■ **Aim of the task**: Work out the number of lines in the listing that include the string "rmorphism". Reply with that number alone.
"""
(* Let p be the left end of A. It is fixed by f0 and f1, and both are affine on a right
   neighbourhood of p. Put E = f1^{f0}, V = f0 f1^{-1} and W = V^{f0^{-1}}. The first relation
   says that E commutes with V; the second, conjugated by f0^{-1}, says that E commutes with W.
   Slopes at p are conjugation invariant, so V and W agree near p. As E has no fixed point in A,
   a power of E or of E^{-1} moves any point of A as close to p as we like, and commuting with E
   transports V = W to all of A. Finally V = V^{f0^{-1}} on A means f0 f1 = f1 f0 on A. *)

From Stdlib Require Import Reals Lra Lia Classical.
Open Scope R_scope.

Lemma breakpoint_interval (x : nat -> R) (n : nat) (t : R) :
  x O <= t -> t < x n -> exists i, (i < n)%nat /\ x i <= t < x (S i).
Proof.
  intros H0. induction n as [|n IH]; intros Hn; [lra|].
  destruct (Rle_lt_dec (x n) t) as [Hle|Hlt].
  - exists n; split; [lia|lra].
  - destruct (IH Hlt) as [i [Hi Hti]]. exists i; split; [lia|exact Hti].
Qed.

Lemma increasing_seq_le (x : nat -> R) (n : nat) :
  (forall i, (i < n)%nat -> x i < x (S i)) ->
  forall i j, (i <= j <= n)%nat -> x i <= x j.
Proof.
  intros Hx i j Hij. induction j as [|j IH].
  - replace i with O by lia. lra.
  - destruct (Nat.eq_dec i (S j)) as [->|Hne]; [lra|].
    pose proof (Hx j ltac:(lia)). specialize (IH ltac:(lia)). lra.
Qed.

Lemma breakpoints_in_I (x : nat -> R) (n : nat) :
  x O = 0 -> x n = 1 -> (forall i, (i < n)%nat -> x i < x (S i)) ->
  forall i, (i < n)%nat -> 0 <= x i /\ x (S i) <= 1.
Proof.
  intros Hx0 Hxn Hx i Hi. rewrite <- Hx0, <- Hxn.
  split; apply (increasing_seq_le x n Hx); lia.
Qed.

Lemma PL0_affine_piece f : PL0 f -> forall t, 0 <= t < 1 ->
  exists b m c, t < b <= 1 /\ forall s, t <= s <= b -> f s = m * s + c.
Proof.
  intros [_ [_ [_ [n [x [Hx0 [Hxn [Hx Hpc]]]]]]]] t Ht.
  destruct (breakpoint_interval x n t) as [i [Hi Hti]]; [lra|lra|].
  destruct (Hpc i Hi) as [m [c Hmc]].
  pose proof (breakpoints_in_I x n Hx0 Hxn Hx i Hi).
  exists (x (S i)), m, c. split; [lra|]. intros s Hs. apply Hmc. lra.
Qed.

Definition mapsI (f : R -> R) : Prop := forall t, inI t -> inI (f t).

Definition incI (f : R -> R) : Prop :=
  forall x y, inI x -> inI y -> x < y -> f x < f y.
"""
"""
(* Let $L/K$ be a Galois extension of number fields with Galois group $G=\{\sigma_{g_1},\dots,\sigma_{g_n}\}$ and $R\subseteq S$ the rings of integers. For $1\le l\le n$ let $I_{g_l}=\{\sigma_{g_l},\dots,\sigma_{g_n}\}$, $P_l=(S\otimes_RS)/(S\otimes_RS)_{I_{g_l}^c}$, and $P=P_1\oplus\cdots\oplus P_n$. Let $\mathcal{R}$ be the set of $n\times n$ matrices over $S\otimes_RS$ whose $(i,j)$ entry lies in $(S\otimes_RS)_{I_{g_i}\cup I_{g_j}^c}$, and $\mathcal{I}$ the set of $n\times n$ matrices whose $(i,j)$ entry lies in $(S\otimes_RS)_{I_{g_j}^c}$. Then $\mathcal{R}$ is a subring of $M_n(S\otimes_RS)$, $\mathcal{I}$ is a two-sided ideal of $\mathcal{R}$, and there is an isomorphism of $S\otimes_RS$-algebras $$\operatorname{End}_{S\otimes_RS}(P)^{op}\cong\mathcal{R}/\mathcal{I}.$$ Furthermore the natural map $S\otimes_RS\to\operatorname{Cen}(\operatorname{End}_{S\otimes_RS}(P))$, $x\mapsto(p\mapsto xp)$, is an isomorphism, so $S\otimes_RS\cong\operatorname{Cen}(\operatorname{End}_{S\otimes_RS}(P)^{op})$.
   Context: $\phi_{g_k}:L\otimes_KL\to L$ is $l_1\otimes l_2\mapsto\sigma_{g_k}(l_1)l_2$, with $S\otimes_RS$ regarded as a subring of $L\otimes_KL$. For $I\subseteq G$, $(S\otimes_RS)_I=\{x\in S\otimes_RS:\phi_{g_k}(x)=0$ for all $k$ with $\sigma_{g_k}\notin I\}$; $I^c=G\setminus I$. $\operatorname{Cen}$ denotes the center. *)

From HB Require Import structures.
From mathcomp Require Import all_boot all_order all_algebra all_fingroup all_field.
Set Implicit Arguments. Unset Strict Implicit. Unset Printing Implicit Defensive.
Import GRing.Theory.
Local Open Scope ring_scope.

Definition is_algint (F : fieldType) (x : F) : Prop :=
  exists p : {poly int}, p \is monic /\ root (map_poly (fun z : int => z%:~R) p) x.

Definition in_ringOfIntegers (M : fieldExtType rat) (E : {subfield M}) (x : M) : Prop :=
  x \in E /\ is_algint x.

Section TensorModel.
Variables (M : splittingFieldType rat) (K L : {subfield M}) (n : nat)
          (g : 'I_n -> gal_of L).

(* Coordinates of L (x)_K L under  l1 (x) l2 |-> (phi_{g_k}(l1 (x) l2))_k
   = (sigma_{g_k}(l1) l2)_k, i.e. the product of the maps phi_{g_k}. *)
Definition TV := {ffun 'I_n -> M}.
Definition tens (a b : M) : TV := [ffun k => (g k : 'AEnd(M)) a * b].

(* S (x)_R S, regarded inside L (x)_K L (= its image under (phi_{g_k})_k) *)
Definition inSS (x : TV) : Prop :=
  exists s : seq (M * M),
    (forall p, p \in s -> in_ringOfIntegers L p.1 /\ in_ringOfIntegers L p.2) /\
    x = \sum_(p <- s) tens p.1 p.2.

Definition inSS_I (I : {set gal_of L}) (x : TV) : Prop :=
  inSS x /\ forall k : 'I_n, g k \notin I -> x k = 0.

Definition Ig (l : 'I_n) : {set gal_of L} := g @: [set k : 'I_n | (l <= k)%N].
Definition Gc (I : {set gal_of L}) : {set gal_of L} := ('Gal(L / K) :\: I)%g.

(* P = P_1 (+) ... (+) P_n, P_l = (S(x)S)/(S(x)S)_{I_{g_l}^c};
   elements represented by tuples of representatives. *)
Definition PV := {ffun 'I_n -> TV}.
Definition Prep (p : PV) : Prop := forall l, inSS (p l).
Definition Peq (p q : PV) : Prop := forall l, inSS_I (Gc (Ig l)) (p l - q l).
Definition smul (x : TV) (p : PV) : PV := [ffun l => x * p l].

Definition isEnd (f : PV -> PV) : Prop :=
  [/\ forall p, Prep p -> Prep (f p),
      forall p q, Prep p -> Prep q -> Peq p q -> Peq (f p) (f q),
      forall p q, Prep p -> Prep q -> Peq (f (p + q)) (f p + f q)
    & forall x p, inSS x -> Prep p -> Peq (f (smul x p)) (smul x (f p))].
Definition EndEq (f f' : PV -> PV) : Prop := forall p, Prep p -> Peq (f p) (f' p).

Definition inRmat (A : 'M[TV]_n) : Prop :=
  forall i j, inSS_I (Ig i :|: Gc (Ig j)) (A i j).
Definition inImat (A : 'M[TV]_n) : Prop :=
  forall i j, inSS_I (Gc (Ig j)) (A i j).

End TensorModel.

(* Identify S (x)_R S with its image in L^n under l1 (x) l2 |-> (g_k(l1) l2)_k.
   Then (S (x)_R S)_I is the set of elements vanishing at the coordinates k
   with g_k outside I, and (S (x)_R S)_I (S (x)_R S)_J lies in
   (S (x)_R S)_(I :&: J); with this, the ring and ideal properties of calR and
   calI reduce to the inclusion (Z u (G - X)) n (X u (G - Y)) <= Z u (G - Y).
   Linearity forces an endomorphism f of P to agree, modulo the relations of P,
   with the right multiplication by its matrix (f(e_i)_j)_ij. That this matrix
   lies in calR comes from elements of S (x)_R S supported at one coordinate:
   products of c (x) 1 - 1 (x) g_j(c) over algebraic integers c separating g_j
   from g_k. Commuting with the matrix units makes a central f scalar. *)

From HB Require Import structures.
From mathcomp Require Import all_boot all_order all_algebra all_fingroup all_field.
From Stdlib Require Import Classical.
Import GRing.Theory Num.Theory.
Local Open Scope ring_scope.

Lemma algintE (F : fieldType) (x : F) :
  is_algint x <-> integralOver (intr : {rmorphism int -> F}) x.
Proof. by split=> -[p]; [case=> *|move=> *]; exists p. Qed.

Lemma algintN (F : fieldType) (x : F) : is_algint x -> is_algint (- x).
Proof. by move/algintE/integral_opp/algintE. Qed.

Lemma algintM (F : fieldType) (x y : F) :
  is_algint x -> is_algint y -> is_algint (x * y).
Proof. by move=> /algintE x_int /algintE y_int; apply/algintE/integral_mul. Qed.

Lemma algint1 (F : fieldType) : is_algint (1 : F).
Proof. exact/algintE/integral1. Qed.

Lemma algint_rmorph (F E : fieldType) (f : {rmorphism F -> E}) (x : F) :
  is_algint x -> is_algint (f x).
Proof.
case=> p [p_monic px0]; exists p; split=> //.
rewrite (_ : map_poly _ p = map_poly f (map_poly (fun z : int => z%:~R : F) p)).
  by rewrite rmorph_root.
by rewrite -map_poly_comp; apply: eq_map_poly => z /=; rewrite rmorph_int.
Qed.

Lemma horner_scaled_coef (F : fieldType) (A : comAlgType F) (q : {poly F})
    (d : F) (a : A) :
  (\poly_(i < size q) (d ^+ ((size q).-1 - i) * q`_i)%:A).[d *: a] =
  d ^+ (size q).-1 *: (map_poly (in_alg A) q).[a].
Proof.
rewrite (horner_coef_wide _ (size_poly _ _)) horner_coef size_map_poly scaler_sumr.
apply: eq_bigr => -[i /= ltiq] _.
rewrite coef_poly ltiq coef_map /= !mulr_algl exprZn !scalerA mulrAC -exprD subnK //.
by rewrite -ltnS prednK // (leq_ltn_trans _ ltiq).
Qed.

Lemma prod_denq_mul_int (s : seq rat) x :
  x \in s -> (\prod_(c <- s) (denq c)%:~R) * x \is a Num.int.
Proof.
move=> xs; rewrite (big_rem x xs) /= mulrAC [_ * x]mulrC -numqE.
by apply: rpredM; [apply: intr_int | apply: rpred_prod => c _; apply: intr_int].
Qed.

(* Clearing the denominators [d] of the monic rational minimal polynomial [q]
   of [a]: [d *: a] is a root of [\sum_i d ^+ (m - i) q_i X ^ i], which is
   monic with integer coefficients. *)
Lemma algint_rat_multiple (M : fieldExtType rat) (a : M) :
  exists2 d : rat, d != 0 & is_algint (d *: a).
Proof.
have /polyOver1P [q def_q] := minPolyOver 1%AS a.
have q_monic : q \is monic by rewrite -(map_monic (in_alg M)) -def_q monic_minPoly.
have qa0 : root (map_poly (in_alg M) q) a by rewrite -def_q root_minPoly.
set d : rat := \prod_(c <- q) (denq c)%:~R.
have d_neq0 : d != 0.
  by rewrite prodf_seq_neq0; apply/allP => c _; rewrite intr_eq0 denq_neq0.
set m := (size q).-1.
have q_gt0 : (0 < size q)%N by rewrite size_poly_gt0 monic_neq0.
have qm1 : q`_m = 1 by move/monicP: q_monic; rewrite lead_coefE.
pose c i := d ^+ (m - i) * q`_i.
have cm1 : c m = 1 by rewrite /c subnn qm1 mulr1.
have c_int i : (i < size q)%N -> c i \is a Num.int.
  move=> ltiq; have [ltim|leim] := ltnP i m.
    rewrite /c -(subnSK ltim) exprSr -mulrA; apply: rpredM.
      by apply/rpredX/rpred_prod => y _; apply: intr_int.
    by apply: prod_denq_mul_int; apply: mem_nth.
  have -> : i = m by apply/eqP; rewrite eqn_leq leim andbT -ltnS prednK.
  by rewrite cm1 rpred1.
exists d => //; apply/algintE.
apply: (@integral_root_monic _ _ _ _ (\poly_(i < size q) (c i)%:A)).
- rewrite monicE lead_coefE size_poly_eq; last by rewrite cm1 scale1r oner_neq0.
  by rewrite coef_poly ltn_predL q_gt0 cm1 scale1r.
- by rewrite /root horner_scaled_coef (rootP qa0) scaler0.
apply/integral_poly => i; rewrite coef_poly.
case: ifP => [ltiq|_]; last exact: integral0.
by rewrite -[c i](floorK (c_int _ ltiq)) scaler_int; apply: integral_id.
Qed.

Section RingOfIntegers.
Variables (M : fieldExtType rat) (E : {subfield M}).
"""
"""
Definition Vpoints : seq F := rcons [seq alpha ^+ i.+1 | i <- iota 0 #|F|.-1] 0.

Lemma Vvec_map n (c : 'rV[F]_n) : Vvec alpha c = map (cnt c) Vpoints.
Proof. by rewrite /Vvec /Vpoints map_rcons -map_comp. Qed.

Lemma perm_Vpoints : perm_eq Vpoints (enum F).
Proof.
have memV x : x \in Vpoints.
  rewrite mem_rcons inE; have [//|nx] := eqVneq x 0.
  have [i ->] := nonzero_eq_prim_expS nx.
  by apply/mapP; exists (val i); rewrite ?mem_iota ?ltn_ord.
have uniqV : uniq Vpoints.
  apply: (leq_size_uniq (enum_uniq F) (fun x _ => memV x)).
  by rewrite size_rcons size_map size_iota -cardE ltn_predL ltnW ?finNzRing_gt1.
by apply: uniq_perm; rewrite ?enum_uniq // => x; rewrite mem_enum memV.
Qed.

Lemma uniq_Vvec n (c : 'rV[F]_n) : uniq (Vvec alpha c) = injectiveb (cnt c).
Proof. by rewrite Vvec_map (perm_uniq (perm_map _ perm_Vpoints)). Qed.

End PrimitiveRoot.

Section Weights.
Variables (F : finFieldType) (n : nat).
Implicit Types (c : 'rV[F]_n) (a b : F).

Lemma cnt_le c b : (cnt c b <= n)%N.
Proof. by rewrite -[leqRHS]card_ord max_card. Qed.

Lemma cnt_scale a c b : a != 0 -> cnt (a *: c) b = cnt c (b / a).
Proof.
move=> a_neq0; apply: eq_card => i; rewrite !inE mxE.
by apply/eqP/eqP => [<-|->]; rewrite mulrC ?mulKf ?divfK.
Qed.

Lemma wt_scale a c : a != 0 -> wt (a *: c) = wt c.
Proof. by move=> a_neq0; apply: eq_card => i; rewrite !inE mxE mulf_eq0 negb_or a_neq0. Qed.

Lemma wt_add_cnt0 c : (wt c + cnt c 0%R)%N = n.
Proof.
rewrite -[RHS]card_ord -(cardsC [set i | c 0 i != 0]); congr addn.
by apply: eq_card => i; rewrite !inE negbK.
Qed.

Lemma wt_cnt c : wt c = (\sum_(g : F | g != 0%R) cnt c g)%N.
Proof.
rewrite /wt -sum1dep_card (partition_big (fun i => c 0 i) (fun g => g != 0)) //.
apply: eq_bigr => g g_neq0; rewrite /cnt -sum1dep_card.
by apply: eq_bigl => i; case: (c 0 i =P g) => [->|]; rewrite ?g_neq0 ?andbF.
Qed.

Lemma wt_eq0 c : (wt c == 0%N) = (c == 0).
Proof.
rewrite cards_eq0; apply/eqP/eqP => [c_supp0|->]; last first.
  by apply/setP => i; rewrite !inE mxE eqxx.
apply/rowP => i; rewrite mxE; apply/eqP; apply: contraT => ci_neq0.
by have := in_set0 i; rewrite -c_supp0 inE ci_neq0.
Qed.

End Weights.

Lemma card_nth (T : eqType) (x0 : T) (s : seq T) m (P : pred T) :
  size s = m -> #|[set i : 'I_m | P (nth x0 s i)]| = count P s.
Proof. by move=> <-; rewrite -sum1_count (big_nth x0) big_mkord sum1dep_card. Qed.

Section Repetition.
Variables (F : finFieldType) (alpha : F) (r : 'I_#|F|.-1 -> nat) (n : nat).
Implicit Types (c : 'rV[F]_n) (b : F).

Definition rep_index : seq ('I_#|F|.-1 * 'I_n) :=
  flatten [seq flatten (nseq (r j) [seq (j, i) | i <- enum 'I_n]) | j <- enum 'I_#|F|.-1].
"""
■ **Result of the task**: 2